THE NEW YORK TIMES - Até agora, os Estados Unidos e seus aliados europeus mantiveram uma frente unida contra a invasão da Ucrânia pela Rússia. Mas após dois meses e meio de guerra, alguns sinais de atrito estão começando a surgir.
Eles se concentram na determinação americana, que cresceu com os sucessos militares ucranianos, de garantir que o conflito enfraqueça a Rússia “a ponto de não poder fazer o tipo de coisa que fez ao invadir a Ucrânia”, como o secretário de Defesa dos EUA, Lloyd Austin, colocou no mês passado.
As potências europeias, por outro lado, não querem uma longa guerra de atrito que corre o risco de escalada. Também não se interessam pelo o que acreditam que poderia ser uma perigosa humilhação da Rússia. Elas estão mais focadas em garantir um cessar-fogo na Ucrânia e uma retirada de tropas russas, pelo menos até as linhas que existiam antes do início da guerra. E acreditam que é fundamental manter um diálogo diplomático com o presidente russo, Vladimir Putin.
“Juntos, nunca devemos ceder à tentação da humilhação, nem ao espírito de vingança, porque eles já devastaram, no passado, os caminhos da paz”, disse o presidente francês, Emmanuel Macron, esta semana em um discurso em Estrasburgo. “Não estamos em guerra com a Rússia. Estamos trabalhando na Europa pela preservação da soberania e integridade territorial da Ucrânia e pelo retorno da paz em nosso continente”, acrescentou.
Um funcionário diplomático próximo a Macron, que falou sob condição de anonimato, descreveu a evolução da posição americana como consistindo essencialmente em armar a Ucrânia ao máximo e manter sanções à Rússia indefinidamente. Para os franceses, essa linha teria sido fonte de alguma frustração, disse.
A França, afirmou, quer pressionar fortemente pelas negociações porque não há outra maneira de garantir a segurança ucraniana e a segurança estratégica no continente europeu.
O funcionário disse que, no final, um relacionamento com Putin era inevitável.
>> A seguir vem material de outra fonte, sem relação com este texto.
(* Let $G=([n],E)$ be an undirected graph with pathwidth $s=\mathrm{pw}(G)\ge 1$. Then there exist a function $c:[n]\to[s]$ and a permutation $u\in\Pi([n])$ such that for every $i\in[n]$ at least one of the following holds: (1) for every neighbour $k$ of $i$ in $G$, $u(i)\le u(k)$; (2) for all $j,k\in[n]$ such that $c(j)=c(i)$, $u(i)<u(j)$ and $k$ is a neighbour of $j$ in $G$, we have $u(i)\le u(k)$.
   Context: $[n]=\{1,\dots,n\}$. $\Pi([n])$ is the set of permutations of $[n]$ written as words $(u_1,\dots,u_n)$ in which each element occurs once; $u(i)$ denotes the position of $i$ in $u$. A path decomposition of an undirected graph $G=(V,E)$ is a sequence $X_1,\dots,X_p$ of subsets of $V$ such that every vertex lies in some $X_a$, every edge has both endpoints in some common $X_a$, and if $v\in X_a\cap X_b$ with $a<b$ then $v\in X_c$ for all $c\in[a,b]$. Its size is $\max_a|X_a|-1$, and the pathwidth $\mathrm{pw}(G)$ is the minimum size of a path decomposition of $G$. *)

From mathcomp Require Import all_boot all_fingroup.
Set Implicit Arguments. Unset Strict Implicit. Unset Printing Implicit Defensive.

Definition simple_graph (n : nat) (e : rel 'I_n) : Prop :=
  symmetric e /\ irreflexive e.

(* Xs = X_1,...,X_p (0-indexed here) is a path decomposition of the graph e. *)
Definition path_decomposition (n : nat) (e : rel 'I_n) (Xs : seq {set 'I_n}) : Prop :=
  (forall v : 'I_n, has (fun X : {set 'I_n} => v \in X) Xs) /\
  (forall v w : 'I_n, e v w -> has (fun X : {set 'I_n} => (v \in X) && (w \in X)) Xs) /\
  (forall (v : 'I_n) (a b c : nat), a <= c -> c <= b -> b < size Xs ->
     v \in nth set0 Xs a -> v \in nth set0 Xs b -> v \in nth set0 Xs c).

Definition pd_size (n : nat) (Xs : seq {set 'I_n}) : nat :=
  (\max_(X <- Xs) #|X|).-1.

Definition pathwidth_is (n : nat) (e : rel 'I_n) (s : nat) : Prop :=
  (exists Xs, path_decomposition e Xs /\ pd_size Xs = s) /\
  (forall Xs, path_decomposition e Xs -> s <= pd_size Xs).

From mathcomp Require Import all_boot all_fingroup zify.
Set Implicit Arguments. Unset Strict Implicit. Unset Printing Implicit Defensive.

(* Order the vertices by the index of the last bag containing them.  If [i]
   has a neighbour placed before it, then the vertices [j] placed after [i]
   that also have a neighbour placed before [i] lie, together with [i] and
   with the latest such earlier neighbour, in a single bag; so each [i] is in
   conflict with fewer than [s] later vertices, and colouring greedily from
   the last position backwards uses at most [s] colours. *)

Section GreedyColouring.
Variables (T : finType) (s : nat) (conf : rel T) (u : T -> nat).
Hypotheses (s_gt0 : 0 < s) (u_inj : injective u).
Hypothesis conf_lt : forall i j, conf i j -> u i < u j.
Hypothesis card_conf_lt : forall i, #|[set j | conf i j]| < s.

Definition proper_from (m : nat) (c : T -> 'I_s) : Prop :=
  forall i j, conf i j -> m <= u i -> c i != c j.

Lemma exists_colour_avoiding (c : T -> 'I_s) i :
  exists col, col \notin [set c j | j in [set j | conf i j]].
Proof.
set S := [set c j | j in _].
have ltS : #|S| < s by apply: leq_ltn_trans (leq_imset_card _ _) (card_conf_lt i).
case: (pickP [pred col | col \notin S]) => [col free | full]; first by exists col.
move: ltS; rewrite ltnNge -[s in s <= _]card_ord -cardsT.
by rewrite subset_leq_card //; apply/subsetP => col _; move/negbFE: (full col).
Qed.

Lemma proper_from_pred m c : proper_from m.+1 c -> exists c', proper_from m c'.
Proof.
move=> properc.
case: (pickP (fun x => u x == m)) => [i0 /eqP ui0 | none]; last first.
  exists c => i j ij le_mi; apply: properc => //.
  by rewrite ltn_neqAle le_mi eq_sym (negbT (none i)).
have [col colP] := exists_colour_avoiding c i0.
exists (fun x => if x == i0 then col else c x) => i j ij le_mi.
have j_i0 : (j == i0) = false.
  by apply/eqP => ji0; move: (conf_lt ij); rewrite ji0 ui0; lia.
rewrite j_i0; have [ii0 | i_i0] := eqVneq i i0.
  by move: ij; rewrite ii0 => ij; apply: contraNneq colP => ->; rewrite imset_f ?inE.
apply: properc => //; rewrite ltn_neqAle le_mi andbT.
by apply: contra_neq i_i0 => umi; apply: u_inj; rewrite -umi ui0.
Qed.

Lemma greedy_colouring : exists c : T -> 'I_s, forall i j, conf i j -> c i != c j.
Proof.
pose top := \max_i (u i).+1.
have from_top k m : top <= m + k -> exists c, proper_from m c.
  elim: k m => [|k IHk] m le_top.
    exists (fun=> Ordinal s_gt0) => i j _ le_mi.
    by exfalso; have := leq_bigmax (F := fun x => (u x).+1) i; rewrite -/top; lia.
  rewrite -addSnnS in le_top; have [c] := IHk _ le_top; exact: proper_from_pred.
have [c properc] := from_top top 0 (leqnn _).
by exists c => i j ij; apply: properc.
Qed.

End GreedyColouring.

Lemma rank_perm n (key : 'I_n -> nat) (key_inj : injective key) :
  exists u : {perm 'I_n}, forall a b, (u a < u b) = (key a < key b).
Proof.
pose rk v := #|[set w | key w < key v]|.
have rk_lt v : rk v < n.
  rewrite -[n]card_ord -cardsT; apply: proper_card; apply/properP.
  by split; [apply/subsetP | exists v; rewrite ?inE ?ltnn].
have rk_mono a b : key a < key b -> rk a < rk b.
  move=> lt_ab; apply: proper_card; apply/properP; split.
    by apply/subsetP => x; rewrite !inE => /ltn_trans; apply.
  by exists a; rewrite !inE ?lt_ab ?ltnn.
have rk_inj : injective (fun v => Ordinal (rk_lt v)).
  move=> a b /(congr1 val) /= rk_ab.
  by case: (ltngtP (key a) (key b)) => [/rk_mono | /rk_mono | /key_inj //];
     rewrite rk_ab ltnn.
exists (perm rk_inj) => a b; rewrite !permE /=.
case: (ltngtP (key a) (key b)) => [/rk_mono // | /rk_mono lt_ba | /key_inj ->].
  by apply/negbTE; rewrite -leqNgt ltnW.
by rewrite ltnn.
Qed.

(* Ties are broken by the vertex itself, which makes the key injective. *)
Lemma sorting_perm n (key : 'I_n -> nat) :
  exists u : {perm 'I_n}, forall a b, key a < key b -> u a < u b.
Proof.
have key'_inj : injective (fun v : 'I_n => key v * n + v).
  move=> a b /(congr1 (modn^~ n)) /=.
  by rewrite !modnMDl !modn_small // => /val_inj.
have [u uP] := rank_perm key'_inj.
by exists u => a b lt_ab; rewrite uP; have := ltn_ord a; nia.
Qed.

Section LastBag.
Variables (n : nat) (Xs : seq {set 'I_n}).

Definition last_bag (v : 'I_n) : nat :=
  \max_(a : 'I_(size Xs) | v \in nth set0 Xs a) val a.

Lemma mem_nth_bag_size v a : v \in nth set0 Xs a -> a < size Xs.
Proof. by case: ltnP => // le_size; rewrite nth_default ?inE. Qed.

Lemma leq_last_bag v a : v \in nth set0 Xs a -> a <= last_bag v.
Proof.
move=> va; have lt_a := mem_nth_bag_size va.
exact: (@leq_bigmax_cond _ (fun a : 'I_(size Xs) => v \in nth set0 Xs a)
  (fun a => val a) (Ordinal lt_a)).
Qed.

Lemma mem_last_bag v :
  has (fun X : {set 'I_n} => v \in X) Xs -> v \in nth set0 Xs (last_bag v).
Proof.
move/(has_nthP set0) => [a lt_a va].
have : 0 < #|[pred a : 'I_(size Xs) | v \in nth set0 Xs a]|.
  by apply/card_gt0P; exists (Ordinal lt_a).
by move/(eq_bigmax_cond (fun a : 'I_(size Xs) => val a)) => [b vb eqb]; rewrite /last_bag eqb.
Qed.

Lemma card_bag_le X : X \in Xs -> #|X| <= (pd_size Xs).+1.
Proof.
move=> XXs; rewrite /pd_size; apply: leq_trans (leqSpred _).
exact: (@leq_bigmax_seq _ Xs (fun _ => true) (fun X : {set 'I_n} => #|X|) _ XXs erefl).
Qed.

End LastBag.

Section Decomposition.
Variables (n s : nat) (e : rel 'I_n) (Xs : seq {set 'I_n}).
Hypothesis pdXs : path_decomposition e Xs.
Hypothesis card_bag : forall X, X \in Xs -> #|X| <= s.+1.
Variable u : {perm 'I_n}.
Hypothesis last_bag_mono : forall a b, u a <= u b -> last_bag Xs a <= last_bag Xs b.

Lemma mem_bag_edge v k R :
  e v k -> last_bag Xs k <= R <= last_bag Xs v -> v \in nth set0 Xs R.
Proof.
have [cover [edge convex]] := pdXs.
move=> vk /andP [le_kR le_Rv]; have vlast := mem_last_bag (cover v).
have /(has_nthP set0) [b _ /andP [vb kb]] := edge v k vk.
apply: (convex v b (last_bag Xs v)) => //; last exact: mem_nth_bag_size vlast.
exact: leq_trans (leq_last_bag kb) le_kR.
Qed.

(* All of [A], together with the latest vertex before [t] adjacent to [A],
   lies in the last bag of that vertex. *)
Lemma card_back_adjacent_le (A : {set 'I_n}) (t : nat) :
  (forall v, v \in A -> t <= u v /\ exists2 k, e v k & u k < t) -> #|A| <= s.
Proof.
move=> AP; have [-> | [v0 v0A]] := set_0Vmem A; first by rewrite cards0.
have [k0 v0k0 ltk0] := (AP v0 v0A).2.
pose M := [pred k | (u k < t) && [exists v in A, e v k]].
have Mk0 : M k0 by rewrite /= ltk0; apply/existsP; exists v0; rewrite v0A.
have [ks /andP [ltks _] ksmax] := arg_maxnP (fun k => val (u k)) Mk0.
have ksA : ks \notin A by apply/negP => /AP [le_t _]; move: ltks; rewrite ltnNge le_t.
have AR : ks |: A \subset nth set0 Xs (last_bag Xs ks).
  apply/subsetP => x /setU1P [-> | xA].
    by apply: mem_last_bag; have [] := pdXs.
  have [le_tx [k xk ltk]] := AP x xA.
  apply: (mem_bag_edge xk); apply/andP; split; apply: last_bag_mono; [apply: ksmax | lia].
  by rewrite /= ltk; apply/existsP; exists x; rewrite xA.
have := subset_leq_card AR; rewrite cardsU1 ksA add1n => /leq_trans le_bag.
rewrite -ltnS; apply: le_bag.
by apply/card_bag/mem_nth/mem_nth_bag_size/mem_last_bag; have [] := pdXs.
Qed.

Definition conflict (i j : 'I_n) : bool :=
  [&& u i < u j, [exists k, e i k && (u k < u i)] & [exists k, e j k && (u k < u i)]].

Lemma card_conflict_lt i : 0 < s -> #|[set j | conflict i j]| < s.
Proof.
move=> s_gt0; have [/existsP [k0 /andP [ik0 ltk0]] | no_back] :=
  boolP [exists k, e i k && (u k < u i)]; last first.
  by apply: leq_ltn_trans s_gt0; rewrite leqn0 cards_eq0; apply/eqP/setP => j;
     rewrite !inE /conflict (negbTE no_back) andbF.
set J := [set j | _].
have iJ : i \notin J by rewrite inE /conflict ltnn.
have := card_back_adjacent_le (A := i |: J) (t := u i).
rewrite cardsU1 iJ add1n; apply=> v /setU1P [-> | vJ].
  by split; last by exists k0.
move: vJ; rewrite inE => /and3P [lt_iv _ /existsP [k /andP [vk ltk]]].
by split; [apply: ltnW | exists k].
Qed.

End Decomposition.

Theorem mainTheorem13 (n s : nat) (e : rel 'I_n) (hG : simple_graph e)
  (hs : 1 <= s) (hpw : pathwidth_is e s) :
  exists (c : 'I_n -> 'I_s) (u : {perm 'I_n}),
    forall i : 'I_n,
      (forall k : 'I_n, e i k -> u i <= u k) \/
      (forall j k : 'I_n, c j = c i -> u i < u j -> e j k -> u i <= u k).
Proof.
have [[Xs [pdXs size_Xs]] _] := hpw.
have card_bag X : X \in Xs -> #|X| <= s.+1 by rewrite -size_Xs; apply: card_bag_le.
have [u u_sorted] := sorting_perm (last_bag Xs).
have u_le a b : u a <= u b -> last_bag Xs a <= last_bag Xs b.
  by move=> le_ab; rewrite leqNgt; apply: contraTN le_ab => /u_sorted; rewrite -ltnNge.
have u_inj : injective (fun a => val (u a)) by move=> a b /val_inj/perm_inj.
have conflict_lt i j : conflict e u i j -> u i < u j by case/andP.
have card_conflict := card_conflict_lt pdXs card_bag u_le ^~ hs.
have [c c_proper] := greedy_colouring hs u_inj conflict_lt card_conflict.
exists c, u => i.
have [/existsP [k0 /andP [ik0 ltk0]] | no_back] := boolP [exists k, e i k && (u k < u i)];
  last by left => k ik; rewrite leqNgt; apply: contra no_back => ltk;
          apply/existsP; exists k; rewrite ik.
right => j k cji lt_ij jk; rewrite leqNgt; apply/negP => ltk.
have /c_proper : conflict e u i j.
  by rewrite /conflict lt_ij /=; apply/andP; split; apply/existsP;
     [exists k0; rewrite ik0 ltk0 | exists k; rewrite jk ltk].
by rewrite cji eqxx.
Qed.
Mario Draghi, o primeiro-ministro italiano, expressou uma linha de pensamento semelhante após uma reunião na terça-feira com o presidente americano, Joe Biden, em Washington.
“Devemos apoiar a Ucrânia”, disse Draghi. “Mas também devemos começar a falar sobre paz. Todas as partes devem fazer um esforço para se sentar ao redor de uma mesa, mesmo os Estados Unidos”, acrescentou.
O impulso das potências europeias - pelo menos aquelas que não estão na vizinhança imediata da Rússia, como a Polônia e os Estados Bálticos - é que a defesa da Ucrânia não deve se transformar na busca de uma vitória esmagadora sobre a Rússia de Putin.
Os Estados Unidos, no entanto, parecem ver pouca chance de diplomacia no momento. Avril D. Haines, diretora de inteligência nacional dos EUA, disse à Comissão de Serviços Armados do Senado nesta semana que Putin estava “se preparando para um conflito prolongado na Ucrânia durante o qual ele ainda pretende alcançar objetivos além do Donbas”.
Haines disse que as agências de inteligência americanas não acreditam que Moscou possa exercer controle sobre a região de Donbas, no leste da Ucrânia, e a zona de amortecimento que a Rússia quer estabelecer - através da costa do Mar Negro da Ucrânia até a região da Transnístria, na Moldávia - nas próximas semanas. Mas ela disse que o líder russo estava buscando um objetivo de longo prazo.
“Putin provavelmente também julga que a Rússia tem maior capacidade e disposição para enfrentar desafios do que seus adversários”, disse Haines. “E ele provavelmente está contando que EUA e UE enfraqueçam à medida que a escassez de alimentos, a inflação e os preços da energia piorarem.”
Sua avaliação não mencionou possíveis cessar-fogos, retirada de tropas russas, diplomacia ou potencial neutralidade ucraniana e as garantias de segurança que o governo de Kiev precisaria das potências ocidentais para isso.
São assuntos que interessam intensamente a França, Alemanha, Itália e outros estados europeus mais próximos da guerra do que os Estados Unidos.